It was a humiliating end for the Apollo programme. For his part, Cernan – who died in 2017 – was bitter at this rejection by the public and fierce in expressing his disappointment that he had become the last person to walk on the moon. “It is a very dubious honour,” he told the Observer in 2002. “It tells us how much we have not done, rather than how much we have done.”

So it is ironic that the anniversary of the Apollo 17 landing will coincide with a mission that is intended to herald the return of human beings to the moon. Launched last month, Artemis 1 blasted an uncrewed Orion capsule on a 25-day mission beyond the orbit of the moon. It is scheduled to return to the Earth on 11 December, the exact date, 50 years earlier, when the Apollo 17 astronauts landed on Taurus -Littrow. If all goes well, a follow-up mission, Artemis 2, will put a crewed Orion capsule on course for a lunar fly-by in 2024 with Artemis 3 carrying out a crewed lunar landing the next year. According to this timetable, humans will return to the moon after a gap of 53 years – though given the Artemis programme’s already troubled history of delays, the interval could be even longer.

After these flights, further missions will be launched with the aim of establishing Lunar Gateway, a crewed space station that will orbit the moon, as well as a permanent scientific outpost on the surface. Work will also begin on sending humans to Mars from the Moon. In addition, Nasa – in collaboration with space agencies in Europe,

Japan and Canada – will initiate a host of robotic flights. Missions will include landers and orbiters that will survey the moon for signs of water, mineral deposits and other features that will help prepare for future missions.

These will include the Lunar Polar Exploration Mission, a robot spacecraft – designed jointly by the Indian and Japanese space agencies – which will drop a lunar rover that will explore the south pole region of the moon next year. In addition, Russia is planning a lunar return after a gap of 46 years with its Luna 25 mission, which will investigate the composition of lunar soil.

Suddenly, everyone is going to the moon – though this grand return is not without controversy. Should we be placing emphasis on putting humans on the moon? If so, how can we justify the costs of lunar colonisation? Should we instead rely on robots to exploit its resources? And what role should private enterprise have in sending humans into space?

Those who believe we should rely on automated devices and landers and eschew human involvement include UK astronomer royal Martin Rees and US astronomer Donald Goldsmith. They point to the enormous cost of a single Artemis mission: around $2bn. In addition, there is the price tag involved in keeping humans alive in space. “Astronauts need far more maintenance than robots, simply because their journeys and surface operations require air, water, food, living space, and protection against harmful radiation,” they state in their book The End of Astronauts: Why Robots are the Future of Exploration.

Others claim that sending humans back to the moon would be an act of inspiration. Without a big problem to overcome, we lose what it means to be human. Again Rees and Goldsmith are dismissive. The Apollo missions were heroic events – for their time. Merely going back to the moon will simply look routine, despite the $90bn cost of the Artemis programme. Spend the money on other science, they argue.

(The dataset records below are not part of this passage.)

(* Let $F$ be a field of characteristic zero and let $A$ be an $F$-algebra isomorphic to a direct sum (not necessarily finite) of finite field extensions of $F$ (for instance, a direct sum of copies of $F$). Then the only Rota–Baxter operator of weight zero on $A$ is the zero operator.
   Context: A linear operator $R$ on $A$ is a Rota–Baxter operator of weight $0$ if $R(x)R(y)=R(R(x)y+xR(y))$ for all $x,y\in A$. *)

From HB Require Import structures.
From mathcomp Require Import all_boot all_order all_algebra all_field.
Set Implicit Arguments. Unset Strict Implicit. Unset Printing Implicit Defensive.
Import GRing.Theory.
Local Open Scope ring_scope.

(* The (external, possibly infinite) direct sum  ⊕_{i : I} L i  of a family of
   finite field extensions L i of F, as an F-algebra (non-unital in general):
   dependent functions with finite support, pointwise operations. *)
(* list membership (Prop-valued, no decidable equality needed on I) *)
Fixpoint lin {I : Type} (i : I) (s : list I) : Prop :=
  match s with nil => False | cons j s' => j = i \/ lin i s' end.

Lemma lin_app {I : Type} (i : I) (s t : list I) : lin i s \/ lin i t -> lin i (s ++ t).
Proof. elim: s => [|j s IH] /=; first by case. by case=> [[->|H]|H]; auto. Qed.

Section DirectSum.
Variables (F : fieldType) (I : Type) (L : I -> fieldExtType F).

Definition finsupp (x : forall i, L i) : Prop :=
  exists s : list I, forall i, ~ lin i s -> x i = 0.

Record dsum := DSum { dval : forall i, L i; dsupp : finsupp dval }.

Lemma finsupp0 : finsupp (fun i => 0).
Proof. by exists nil. Qed.

Lemma finsuppD (x y : dsum) : finsupp (fun i => dval x i + dval y i).
Proof.
case: x y => [x [s Hs]] [y [t Ht]] /=; exists (s ++ t)%list => i Hi.
rewrite Hs ?Ht ?addr0 // => H; apply: Hi; apply lin_app; auto.
Qed.

Lemma finsuppM (x y : dsum) : finsupp (fun i => dval x i * dval y i).
Proof.
case: x y => [x [s Hs]] [y [t Ht]] /=; exists s => i Hi.
by rewrite Hs // mul0r.
Qed.

Lemma finsuppZ (a : F) (x : dsum) : finsupp (fun i => a *: dval x i).
Proof.
case: x => [x [s Hs]] /=; exists s => i Hi.
by rewrite Hs // scaler0.
Qed.

Definition dzero : dsum := DSum finsupp0.
Definition dadd (x y : dsum) : dsum := DSum (finsuppD x y).
Definition dmul (x y : dsum) : dsum := DSum (finsuppM x y).
Definition dscale (a : F) (x : dsum) : dsum := DSum (finsuppZ a x).

Definition dlinear (R : dsum -> dsum) : Prop :=
  forall (a : F) (x y : dsum), R (dadd (dscale a x) y) = dadd (dscale a (R x)) (R y).

Definition rota_baxter0 (R : dsum -> dsum) : Prop :=
  dlinear R /\
  forall x y : dsum, dmul (R x) (R y) = R (dadd (dmul (R x) y) (dmul x (R y))).

End DirectSum.

From HB Require Import structures.
From mathcomp Require Import all_boot all_order all_algebra all_field.
From Stdlib Require Import FunctionalExtensionality ProofIrrelevance Classical_Prop.
Set Implicit Arguments. Unset Strict Implicit.
Local Open Scope ring_scope.
Import GRing.Theory.

(* Let y = R x.  Every component of y is algebraic over F and y has finite
   support, so a single polynomial G = c + X H with c <> 0 satisfies
   y G(y) = 0 componentwise; then e := - c^-1 y H(y) satisfies e y = y and
   e^2 = e.  The image of R is closed under products (R a R b = R (...)),
   hence e = R z for some z.  For an idempotent e = R z and v := e z, the
   Rota-Baxter identity at (z, z) gives R (2 v) = e and at (z, 2 v) gives
   e = R (3 v), so R v = 0 and e = 0.  Thus y = e y = 0. *)

Lemma algebraic_annihilator (F : fieldType) (K : fieldExtType F) (x : K) :
  exists2 G : {poly F}, G.[0] != 0 & x * (map_poly (in_alg K) G).[x] = 0.
Proof.
have [p p_monic px0] := alg_integral x.
have [m [q]] := multiplicity_XsubC p 0; rewrite monic_neq0 //= => q0 Dp.
exists q; first by move: q0; rewrite rootE.
have [->|x_neq0] := eqVneq x 0; first by rewrite mul0r.
move: px0; rewrite Dp rmorphM rmorphXn rmorphB /= map_polyX map_polyC /=.
rewrite rootE hornerM horner_exp !hornerE scale0r subr0 mulf_eq0 expf_eq0.
by rewrite (negbTE x_neq0) andbF orbF => /eqP->; rewrite mulr0.
Qed.

Lemma annihilator_quasi_inverse (F : fieldType) (A : comAlgType F)
    (H : {poly F}) (c : F) (x : A) :
  c != 0 -> x * (map_poly (in_alg A) (H * 'X + c%:P)).[x] = 0 ->
  x * (map_poly (in_alg A) ((- c^-1)%:P * H)).[x] * x = x.
Proof.
move=> c_neq0; rewrite rmorphD rmorphM /= map_polyX map_polyC /= !hornerE.
rewrite rmorphM /= map_polyC /= hornerCM mulrDr => /eqP; rewrite addr_eq0 => /eqP.
move=> Hx; rewrite mulrCA -mulrA -[x * _ * x]mulrA Hx.
by rewrite mulrN mulr_algl mulr_algr scalerA mulNr mulVf // scaleN1r opprK.
Qed.

Section DirectSum.
Variables (F : fieldType) (I : Type) (L : I -> fieldExtType F).

Lemma dsum_ext (x y : dsum L) : (forall i, dval x i = dval y i) -> x = y.
Proof.
case: x y => [x hx] [y hy] /= Exy.
have {}Exy : x = y by apply: functional_extensionality_dep.
by subst y; rewrite (proof_irrelevance _ hx hy).
Qed.

(* [y P(y)] by Horner's rule; [dsum L] carries no ring structure, so there is
   no library polynomial evaluation to reuse. *)
Definition dXhorner (P : {poly F}) (y : dsum L) : dsum L :=
  foldr (fun c acc => dadd (dscale c y) (dmul y acc)) (dzero L) P.

Lemma dval_dXhorner P y i :
  dval (dXhorner P y) i = dval y i * (map_poly (in_alg (L i)) P).[dval y i].
Proof.
rewrite /dXhorner -[in RHS](polyseqK P); elim: (polyseq P) => [|c cs IH] /=.
  by rewrite rmorph0 horner0 mulr0.
rewrite IH cons_poly_def rmorphD rmorphM /= map_polyX map_polyC /= !hornerE.
by rewrite mulrDr mulr_algr addrC [_ * dval y i]mulrC mulrA.
Qed.

Lemma dsum_annihilator (y : dsum L) :
  exists2 G : {poly F}, G.[0] != 0 &
    forall i, dval y i * (map_poly (in_alg (L i)) G).[dval y i] = 0.
Proof.
have [s y_supp] := dsupp y.
suff [G G0 HG] : exists2 G : {poly F}, G.[0] != 0 &
    forall i, lin i s -> dval y i * (map_poly (in_alg (L i)) G).[dval y i] = 0.
  exists G => // i; have [/HG //|/y_supp->] := classic (lin i s).
  by rewrite mul0r.
elim: s {y_supp} => [|j s [G G0 HG]]; first by exists 1; rewrite ?hornerC ?oner_eq0.
have [r r0 Hr] := algebraic_annihilator (dval y j).
exists (r * G) => [|i [<-|Hi]]; first by rewrite hornerM mulf_neq0.
  by rewrite rmorphM hornerM mulrA Hr mul0r.
by rewrite rmorphM hornerM mulrCA HG // mulr0.
Qed.

Lemma dsum_quasi_inverse (y : dsum L) :
  exists P : {poly F}, forall i,
    dval y i * (map_poly (in_alg (L i)) P).[dval y i] * dval y i = dval y i.
Proof.
have [G G0 HG] := dsum_annihilator y.
have /factor_theorem [H DH] : root (G - (G.[0])%:P) 0.
  by rewrite rootE !hornerE subrr.
exists ((- (G.[0])^-1)%:P * H) => i; apply: annihilator_quasi_inverse => //.
by move: DH; rewrite polyC0 subr0 => <-; rewrite subrK; apply: HG.
Qed.

Section RotaBaxter.
Variable R : dsum L -> dsum L.
Hypothesis hR : rota_baxter0 R.

Lemma rb_add a b : R (dadd a b) = dadd (R a) (R b).
Proof.
have scale1 (x : dsum L) : dscale 1 x = x by apply: dsum_ext => j /=; rewrite scale1r.
by have := (proj1 hR) 1 a b; rewrite !scale1.
Qed.

Lemma rb0 : R (dzero L) = dzero L.
Proof.
have add00 : dadd (dzero L) (dzero L) = dzero L.
  by apply: dsum_ext => j /=; rewrite addr0.
apply: dsum_ext => j; have := congr1 (fun f => dval f j) (rb_add (dzero L) (dzero L)).
by rewrite add00 /= => E; apply/(addrI (dval (R (dzero L)) j)); rewrite addr0 -E.
Qed.

Lemma rb_scale c a : R (dscale c a) = dscale c (R a).
Proof.
have add0 (x : dsum L) : dadd x (dzero L) = x by apply: dsum_ext => j /=; rewrite addr0.
by have := (proj1 hR) c a (dzero L); rewrite rb0 !add0.
Qed.

Lemma rb_image_dXhorner P w : exists u, R u = dXhorner P (R w).
Proof.
rewrite /dXhorner; elim: (polyseq P) => [|c cs [u Ru]] /=.
  by exists (dzero L); rewrite rb0.
exists (dadd (dscale c w) (dadd (dmul (R w) u) (dmul w (R u)))).
by rewrite rb_add rb_scale -(proj2 hR) Ru.
Qed.

Lemma rb_idempotent_eq0 z :
  (forall i, dval (R z) i * dval (R z) i = dval (R z) i) -> R z = dzero L.
Proof.
set e := R z => e_idem; pose v := dmul e z.
have R2v : R (dadd v v) = e.
  have := (proj2 hR) z z; rewrite -/e.
  have -> : dadd (dmul e z) (dmul z e) = dadd v v.
    by apply: dsum_ext => j /=; rewrite mulrC.
  by move=> <-; apply: dsum_ext => j /=; rewrite e_idem.
have R3v : e = dadd e (R v).
  rewrite -{2}R2v -rb_add; have := (proj2 hR) z (dadd v v); rewrite R2v.
  have -> : dmul e e = e by apply: dsum_ext => j /=; rewrite e_idem.
  move=> ->; congr R; apply: dsum_ext => j /=.
  by rewrite mulrDr mulrA e_idem [dval z j * _]mulrC.
have Rv0 j : dval (R v) j = 0.
  have /= E := congr1 (fun f => dval f j) R3v.
  by apply/(addrI (dval e j)); rewrite addr0 -E.
by apply: dsum_ext => j; rewrite -R2v rb_add /= Rv0 addr0.
Qed.

End RotaBaxter.
End DirectSum.

Theorem corollary8 (F : fieldType) (I : Type) (L : I -> fieldExtType F)
  (charF0 : [pchar F] =i pred0)
  (R : dsum L -> dsum L) (hR : rota_baxter0 R) :
  forall x : dsum L, R x = dzero L.
Proof.
move=> x; set y := R x.
have [P yPy] := dsum_quasi_inverse y.
pose e := dXhorner P y.
have ey i : dval e i * dval y i = dval y i by rewrite dval_dXhorner yPy.
have e_idem i : dval e i * dval e i = dval e i.
  by rewrite {1}dval_dXhorner mulrAC [dval y i * _]mulrC ey dval_dXhorner.
have [z Rz] : exists z, R z = e := rb_image_dXhorner hR P x.
have e0 : e = dzero L.
  by rewrite -Rz; apply: (rb_idempotent_eq0 hR); rewrite Rz; exact: e_idem.
by apply: dsum_ext => i; rewrite -ey e0 /= mul0r.
Qed.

But others disagree. The legacy of the Apollo missions was immense, said planetary scientist Professor Ian Crawford, of Birkbeck, University of London. “Cernan and Schmitt travelled more than 30km over the moon surface in their rover. In comparison, robot rovers that we have sent to Mars take years to cover the same distances.

“The Apollo 17 astronauts returned more than 100kg of moon rocks. Robot craft have only returned tiny amounts in comparison. And the two of them drilled three metres into the lunar soil to get samples – something that robots have never achieved over the years – and deployed a wide range of geophysical experiments. Yet they were there for only three days. That shows you what humans can do. The Apollo programme laid the foundations for modern planetary science and we need to go back to the moon to build on what they started.”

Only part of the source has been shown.